In Terraform we can pass variable values in many ways. One of those ways is through `.tfvars` file. 
This file is exclusively for variables. These variable files are extremely helpful when we need different variable names for development, staging and production. The syntax for supplying the file is like so: `-var-file vars/stg.tfvars`.

# Deployment

We can validate our terraform configurations with the command `terraform validate`. Annoyingly the error messages are vague and generalised. 

## Initialise backend

`terraform init` initialises the Terraform backend, checks where the state file has to be saved and if it is remote, availability of the bucket is validated, installs all the provider plugins.

## Plan and Apply Changes

With `terraform plan -var-file vars/stg.tfvars` we can see what new resources be created/changed/destroyed. This gives as a plan and confirmation of our setup.

`terraform apply -var-file vars/stg.tfvars` will apply our configurations. At the end the `rest_api_url` will be displayed. 
![](terraform_apply.png)

Take that, put it in an api client and supplying our sample JSON input `{"find": {"date1": "2017-08-28", "store_nbr": 19}}`. You should see the status code as 200 and the body containing the predictions with a confirmation saying the item has been successfully created.

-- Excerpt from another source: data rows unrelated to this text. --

Lemma rejection_endangers r h :
  (r, h) \in M -> ousted J (propS t) r h -> endangered I s M r h.
Proof.
move=> rhM /and3P[_ _ before]; have [eq_quota [_ ext_h]] := extIJ.
have [_ complH] := complJ; rewrite complH eq_quota /= in before.
have rhT := subsetP subM _ rhM.
rewrite /endangered rhM /=; have [rI | rNI] := boolP (r \in hpref I h).
  apply/orP; left; rewrite in_setD inE rhT rI /=.
  rewrite (preceding_prefix (ext_h h) rI) in before.
  apply: leq_trans before (sub_in_count _) => x xr /=; rewrite mem_res_h => xhP.
  by apply: proposer_relevant rhM xhP _; rewrite xr orbT.
apply/orP; right; rewrite inE rhT rNI /= addn1.
apply: leq_ltn_trans (count_lt_card (x := r) (take_uniq _ (uniqJ h)) _ _).
- apply: leq_trans before (sub_in_count _) => x _ /=; rewrite mem_res_h => xhP.
  by apply: proposer_relevant rhM xhP _; rewrite rNI.
- by rewrite mem_preceding ?ltnn ?complH.
- by rewrite /relevant rhM.
Qed.

End FirstRejection.

Lemma safe_unrejected t : feasible J t -> {in M, forall m, m \notin rejS t}.
Proof.
elim=> [|{}t r h _ IH _ _ _ _|{}t r h feast IH oust _] m mM.
- by rewrite inE.
- by rewrite rejS_rcons_prop; exact: IH.
rewrite rejS_rcons_rej in_setU1 (negbTE (IH m mM)) orbF.
apply/eqP => em; rewrite em in mM.
by have := safeM r h; rewrite (rejection_endangers feast IH mM oust).
Qed.

End Safe.

Theorem proposition8 (R H : finType) (I : instance R H) (s : seq (event R H))
    (M : {set R * H}) :
  wf I -> maximal I s -> M \subset tentS s -> safe I s M ->
  forall m, m \in M -> finalizable I s m.
Proof.
move=> _ maxs subM safeM m mM; split; first exact: subsetP subM _ mM.
move=> J [[_ [_ uniqJ]] [extIJ complJ]] t maxt.
have [subP _] := feasible_sub_maximal extIJ complJ maxt maxs.1.
move: (subsetP subM _ mM); rewrite in_tentS => /andP[_ mP].
rewrite in_tentS (subsetP subP _ mP) andbT.
exact: (safe_unrejected extIJ complJ uniqJ maxs subM safeM maxt.1 mM).
Qed.
Lemma linear_mu p : p \in Iseq n -> linear (mu p).
Proof. by move=> hp; case: (operators hp) => -[]. Qed.

Lemma linear_mui p : p \in Iseq n -> linear (mui p).
Proof. by move=> hp; case: (operators hp) => -[]. Qed.

Lemma linear_dp p : p \in Iseq n -> linear (dp p).
Proof. by move=> hp; case: (operators hp) => -[]. Qed.

Lemma mu_action p : p \in Iseq n ->
  monomial_action (mu p) (fun a => a p) (fun=> [::]) id.
Proof.
by move=> hp a; case: (operators hp) => _ [-> _ _]; rewrite /qnum_prod big_nil mulr1 exprnP.
Qed.

Lemma mui_action p : p \in Iseq n ->
  monomial_action (mui p) (fun a => - (a p)%:Z) (fun=> [::]) id.
Proof.
move=> hp a; case: (operators hp) => _ [_ -> _].
by rewrite /qnum_prod big_nil mulr1 exprVn exprnP invr_expz.
Qed.

Lemma dp_action p : p \in Iseq n ->
  monomial_action (dp p) (fun=> 0) (fun a => [:: a p]) (fun a => subeps a p).
Proof.
by move=> hp a; case: (operators hp) => _ [_ _ ->]; rewrite /qnum_prod big_seq1 expr0z mul1r.
Qed.

Lemma linear_muprod (m : int -> A -> A) s : {in s, forall p, linear (m p)} -> linear (muprod m s).
Proof.
elim: s => [_ c u v //|p s IH lm] /=.
apply: linear_comp; first by apply: lm; rewrite mem_head.
by apply: IH => r rs; apply: lm; rewrite in_cons rs orbT.
Qed.

Lemma muprod_action (m : int -> A -> A) (w : int -> (int -> nat) -> int) s :
  {in s, forall p, linear (m p) /\ monomial_action (m p) (w p) (fun=> [::]) id} ->
  monomial_action (muprod m s) (fun a => \sum_(p <- s) w p a) (fun=> [::]) id.
Proof.
elim: s => [_ a | p s IH hm a] /=.
  by rewrite big_nil expr0z /qnum_prod big_nil mulr1 scale1r.
have [lp hp] := hm p (mem_head _ _).
rewrite IH => [|r rs]; last by apply: hm; rewrite in_cons rs orbT.
rewrite (linear_funZ lp) hp scalerA /qnum_prod big_nil !mulr1 big_cons -expfzDr //.
by rewrite addrC.
Qed.

Lemma linear_sqop (F : A -> A) : linear F -> linear (sqop F).
Proof. by move=> lF; exact: linear_comp. Qed.

Lemma sqop_action F w : linear F -> monomial_action F w (fun=> [::]) id ->
  monomial_action (sqop F) (fun a => 2 * w a) (fun=> [::]) id.
Proof.
move=> lF hF; apply: monomial_action_ext (monomial_action_comp lF hF hF) _ => a.
by right; split => //; lia.
Qed.

Local Notation tau := (tau n mu).
Local Notation tauinv := (tauinv n mui).
Local Notation Lam := (Lam n mu).
Local Notation Laminv := (Laminv n mui).

Lemma linear_tau z : linear (tau z).
Proof. by apply: linear_muprod => p /tau_set_sub; exact: linear_mu. Qed.

Lemma linear_tauinv z : linear (tauinv z).
Proof. by apply: linear_muprod => p /tau_set_sub; exact: linear_mui. Qed.

Lemma linear_Lam z : linear (Lam z).
Proof. by apply: linear_muprod => p /Lam_set_sub; exact: linear_mu. Qed.

Lemma linear_Laminv z : linear (Laminv z).
Proof. by apply: linear_muprod => p /Lam_set_sub; exact: linear_mui. Qed.

Lemma tau_action z :
  monomial_action (tau z) (fun a => expsum a (tau_set n z)) (fun=> [::]) id.
Proof.
apply: (muprod_action (w := fun p a => (a p)%:Z)) => p /tau_set_sub hp.
by split; [exact: linear_mu | exact: mu_action].
Qed.

Lemma tauinv_action z :
  monomial_action (tauinv z) (fun a => - expsum a (tau_set n z)) (fun=> [::]) id.
Proof.
apply: monomial_action_ext (muprod_action (w := fun p a => - (a p)%:Z) _) _.
  by move=> p /tau_set_sub hp; split; [exact: linear_mui | exact: mui_action].
by move=> a; right; split => //; rewrite add0r sumrN.
Qed.

Lemma Lam_action z :
  monomial_action (Lam z) (fun a => expsum a (Lam_set n z)) (fun=> [::]) id.
Proof.
apply: (muprod_action (w := fun p a => (a p)%:Z)) => p /Lam_set_sub hp.
by split; [exact: linear_mu | exact: mu_action].
Qed.

Lemma Laminv_action z :
  monomial_action (Laminv z) (fun a => - expsum a (Lam_set n z)) (fun=> [::]) id.
Proof.
apply: monomial_action_ext (muprod_action (w := fun p a => - (a p)%:Z) _) _.
  by move=> p /Lam_set_sub hp; split; [exact: linear_mui | exact: mui_action].
by move=> a; right; split => //; rewrite add0r sumrN.
Qed.
Lemma bneck_seq1 f e : bneck f [:: e] = Num.max (c e (eload f e)) 0.
Proof. by rewrite /Defs.bneck big_cons big_nil. Qed.

Lemma le_bneck f q e : e \in q -> c e (eload f e) <= bneck f q.
Proof. by move=> e_q; apply: (le_bigmax_seq _ _ xpredT). Qed.

Lemma Bcost_ge0 f : 0 <= Bcost f.
Proof.
rewrite /Defs.Bcost; elim: (spaths s t) => [|p l IH]; first by rewrite big_nil.
by rewrite big_cons; case: ifP => // _; rewrite le_max IH orbT.
Qed.

Lemma bneck_le_Bcost f p : p \in spaths s t -> 0 < f p -> bneck f p <= Bcost f.
Proof. by move=> p_st f_p; apply: (le_bigmax_seq _ _ (fun p => 0 < f p)). Qed.

Lemma eload_ge0 r f e : is_flow r f -> 0 <= eload f e.
Proof. by case=> f_ge0 _ _; apply: sumr_ge0. Qed.

Lemma eload_le r f e : is_flow r f -> eload f e <= r.
Proof.
case=> f_ge0 _ <-; rewrite /Defs.eload [X in _ <= X](bigID (fun p => e \in p)) /=.
by rewrite lerDl sumr_ge0.
Qed.

Lemma cost_le_Bcost r g e :
  is_flow r g -> 0 < eload g e -> c e (eload g e) <= Bcost g.
Proof.
move=> g_flow; have [/hasP[p p_st /andP[e_p g_p]] _|] :=
  boolP (has (fun p => (e \in p) && (0 < g p)) (spaths s t)).
  exact: le_trans (le_bneck g e_p) (bneck_le_Bcost p_st g_p).
move=> /hasPn no_path; rewrite ltNge /Defs.eload big_seq_cond sumr_le0 //.
by move=> p /andP[p_st e_p]; move: (no_path p p_st); rewrite e_p leNgt.
Qed.

Lemma Nash_Bcost_le r f q :
  is_Nash src tgt c s t r f -> q \in spaths s t -> Bcost f <= bneck f q.
Proof.
case=> [[_ f_out _] Nash] q_st; apply: bigmax_le; first exact: bneck_ge0.
move=> p f_p; apply: Nash => //; apply: contraTT f_p => p_out.
by rewrite f_out ?ltxx.
Qed.

End Bottlenecks.

Section CutFlow.
Variables (V E : finType) (src tgt : E -> V) (R : realType) (s t : V).
Variables (r : R) (h : seq E -> R) (C : pred E).
Hypothesis h_flow : is_flow src tgt s t r h.

Local Notation spaths := (spaths src tgt).
Local Notation eload := (eload src tgt s t).

Lemma sum_eload_cut :
  \sum_(e | C e) eload h e =
  \sum_(p <- spaths s t) h p *+ #|[pred e | C e & e \in p]|.
Proof.
rewrite /Defs.eload; under eq_bigr do rewrite big_mkcond.
rewrite exchange_big; apply: eq_bigr => p _.
by rewrite -big_mkcondr sumr_const.
Qed.

Lemma cut_flow_ge :
  (forall p, p \in spaths s t -> has C p) -> r <= \sum_(e | C e) eload h e.
Proof.
move=> crossing; have [h_ge0 _ <-] := h_flow.
rewrite sum_eload_cut [X in X <= _]big_seq [X in _ <= X]big_seq.
apply: ler_sum => p /crossing /hasP[e e_p Ce].
rewrite -[X in X <= _]mulr1n ler_wpMn2l //.
by apply/card_gt0P; exists e; rewrite inE Ce.
Qed.

Lemma cut_flow_le :
  (forall p, p \in spaths s t -> 0 < h p -> (#|[pred e | C e & e \in p]| <= 1)%N) ->
  \sum_(e | C e) eload h e <= r.
Proof.
move=> crossing_once; have [h_ge0 _ <-] := h_flow.
rewrite sum_eload_cut [X in X <= _]big_seq [X in _ <= X]big_seq.
apply: ler_sum => p p_st; have [h_p|h_p] := ltP 0 (h p).
  by rewrite -[X in _ <= X]mulr1n ler_wpMn2l ?crossing_once ?ltW.
by have -> : h p = 0 by apply/eqP; rewrite eq_le h_p h_ge0.
Qed.

End CutFlow.

Section SubpathOptimalNash.
Variables (V E : finType) (src tgt : E -> V) (R : realType).
Variables (c : E -> R -> R) (s t : V) (r : R) (f : seq E -> R).
Hypothesis f_spo : is_subpath_optimal_Nash src tgt c s t r f.

Local Notation spaths := (spaths src tgt).
Local Notation verts := (verts tgt).
Local Notation bneck := (bneck src tgt c s t f).
Local Notation B := (Bcost src tgt c s t f).
Lemma cell_avg_ge (f : R -> \bar R) x (B : R) : measurable_fun setT f -> 0 <= B ->
  (forall y, qidx m y = qidx m x -> (B%:E <= f y)%E) -> (B%:E <= cell_avg f x)%E.
Proof.
move=> mf B0 Bf; rewrite /cell_avg.
have -> : B%:E = (m%:E * (B%:E * mu (cell (qidx m x))))%E.
  by rewrite lebesgue_measure_cell -!EFinM mulrCA mulfV ?mulr1 // gt_eqF.
apply: lee_wpmul2l; first by rewrite lee_fin ltW.
rewrite -integral_cst; last exact: measurable_cell.
by apply: ge0_le_integral => //; [exact: measurable_cell | exact: measurable_funS mf].
Qed.

Lemma cell_avg1 x : cell_avg (cst 1%E) x = 1%E.
Proof.
apply/eqP; rewrite eq_le; apply/andP; split.
  by apply: cell_avg_le => //; exact: measurable_cst.
by apply: cell_avg_ge => //; exact: measurable_cst.
Qed.

Lemma integral_mul_cell_avgC (f g : R -> \bar R) :
  measurable_fun setT f -> (forall x, (0 <= f x)%E) ->
  measurable_fun setT g -> (forall x, (0 <= g x)%E) ->
  (\int[mu]_x (f x * cell_avg g x) = \int[mu]_y (g y * cell_avg f y))%E.
Proof.
move=> mf f0 mg g0.
have m0 : (0 <= m%:E)%E by rewrite lee_fin ltW.
pose h z := (m%:E * (f z.1 * (g z.2 * same_cell z)))%E.
have mh : measurable_fun setT h.
  apply: measurable_funeM; apply: emeasurable_funM.
    exact: measurableT_comp mf measurable_fst.
  exact: emeasurable_funM (measurableT_comp mg measurable_snd) measurable_same_cell.
have h0 z : (0 <= h z)%E by rewrite !mule_ge0 ?same_cell_ge0.
transitivity (\int[mu]_x \int[mu]_y h (x, y))%E.
  apply: eq_integral => x _; rewrite cell_avg_kernel muleA (muleC (f x)).
  rewrite -ge0_integralZl //.
  - by apply: eq_integral => y _; rewrite /h -!muleA.
  - exact: measurable_slice.
  - by move=> y _; rewrite mule_ge0 ?same_cell_ge0.
  - by rewrite mule_ge0.
rewrite fubini_tonelli //; apply: eq_integral => y _.
rewrite cell_avg_kernel muleA (muleC (g y)).
rewrite -ge0_integralZl //.
- by apply: eq_integral => x _; rewrite /h same_cellC -!muleA /= (muleCA (f x)).
- exact: measurable_slice.
- by move=> x _; rewrite mule_ge0 ?same_cell_ge0.
- by rewrite mule_ge0.
Qed.

Lemma integral_cell_avg (f : R -> \bar R) :
  measurable_fun setT f -> (forall x, (0 <= f x)%E) ->
  (\int[mu]_x cell_avg f x = \int[mu]_x f x)%E.
Proof.
move=> mf f0.
transitivity (\int[mu]_x (cst 1%E x * cell_avg f x))%E.
  by apply: eq_integral => x _; rewrite mul1e.
rewrite integral_mul_cell_avgC //.
by apply: eq_integral => x _; rewrite cell_avg1 mule1.
Qed.

Lemma abse_cell_avgB (p q : R -> R) x :
  mu.-integrable setT (EFin \o p) -> mu.-integrable setT (EFin \o q) ->
  (`|cell_avg (EFin \o p) x - cell_avg (EFin \o q) x|
     <= cell_avg (fun y => `|(p y)%:E - (q y)%:E|) x)%E.
Proof.
move=> ip iq; rewrite /cell_avg.
have mC := measurable_cell (qidx m x).
have ipC : mu.-integrable (cell (qidx m x)) (EFin \o p).
  by apply: (@integrableS _ _ _ mu setT).
have iqC : mu.-integrable (cell (qidx m x)) (EFin \o q).
  by apply: (@integrableS _ _ _ mu setT).
rewrite -muleBr //; last first.
  by apply: fin_num_adde_defl; rewrite fin_numN; exact: integrable_fin_num iqC.
rewrite -integralB // abseM gee0_abs ?lee_fin ?(ltW m_gt0) //.
apply: lee_wpmul2l; first by rewrite lee_fin ltW.
apply: le_abse_integral => //; apply: emeasurable_funB.
  exact: measurable_int ipC.
exact: measurable_int iqC.
Qed.
(* Let $q\in\mathbb R$ and let $\mu$ be a compactly supported Borel probability measure on $\mathbb R^n$ satisfying the doubling condition. Then for every $E\subseteq\operatorname{supp}\mu$, $\mathsf B^q_\mu(E)=\operatorname{Dim}^q_\mu(E)$.
   Context: $B(x,r)$ is the closed ball. $\mu$ satisfies the doubling condition if $\limsup_{r\searrow0}\sup_{x\in\operatorname{supp}\mu}\mu(B(x,2r))/\mu(B(x,r))<\infty$. Hewitt–Stromberg side: a centred packing of $E$ by $r$-balls is a family $(B(x_i,r))_i$ of pairwise disjoint closed balls with $x_i\in E$; $M^q_{\mu,r}(E)=\sup\sum_i\mu(B(x_i,r))^q$ over such packings; $\mathsf C^{q,t}_\mu(E)=\limsup_{r\to0}M^q_{\mu,r}(E)(2r)^t$; $\mathsf P^{q,t}_\mu(E)=\inf\{\sum_i\mathsf C^{q,t}_\mu(E_i):E\subseteq\bigcup_iE_i,\ E_i\text{ bounded}\}$; $\mathsf B^q_\mu(E)$ is the unique $t$ with $\mathsf P^{q,s}_\mu(E)=\infty$ for $s<t$ and $=0$ for $s>t$. Olsen's multifractal packing side: a centred $\delta$-packing of $E$ is a family $(B(x_i,r_i))_i$ of pairwise disjoint closed balls with $x_i\in E$ and $r_i\le\delta$; $\overline{\mathcal P}^{q,t}_\mu(E)=\inf_{\delta>0}\sup\sum_i\mu(B(x_i,r_i))^q(2r_i)^t$ (sup over centred $\delta$-packings of $E$); $\mathcal P^{q,t}_\mu(E)=\inf\{\sum_i\overline{\mathcal P}^{q,t}_\mu(E_i):E\subseteq\bigcup_iE_i\}$; $\operatorname{Dim}^q_\mu(E)=\inf\{t:\mathcal P^{q,t}_\mu(E)=0\}=\sup\{t:\mathcal P^{q,t}_\mu(E)=\infty\}$. *)

(* R^n is modelled as 'rV[R]_n with the Euclidean
   distance; Borel sets are the sigma-algebra generated by the open sets. *)
From HB Require Import structures.
From mathcomp Require Import all_boot all_order all_algebra.
From mathcomp Require Import all_classical all_reals all_analysis.
Set Implicit Arguments. Unset Strict Implicit. Unset Printing Implicit Defensive.
Import Order.TTheory GRing.Theory Num.Theory.
Import numFieldTopology.Exports numFieldNormedType.Exports.
Local Open Scope classical_set_scope.
Local Open Scope ring_scope.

![](api_invocation_result.png)

We can confirm it by going to Dynamodb console and checking the items in the table

![](dynamodb_items.png)

## Destroying resources

Upon completion of the task it is always good practice to destroy the resources to avoid incurring unnecessary costs. 

Use `terraform destroy -var-file vars/stg.tfvars` to destroy the resources and leave it as we started. Remember in real production environment, `destroy` command should never be used. Instead delete the resources that are unnecesary and run `apply` command again. 

# Conclusion

We successfully setup Terraform for our application. With single line commands we can manage resources at ease.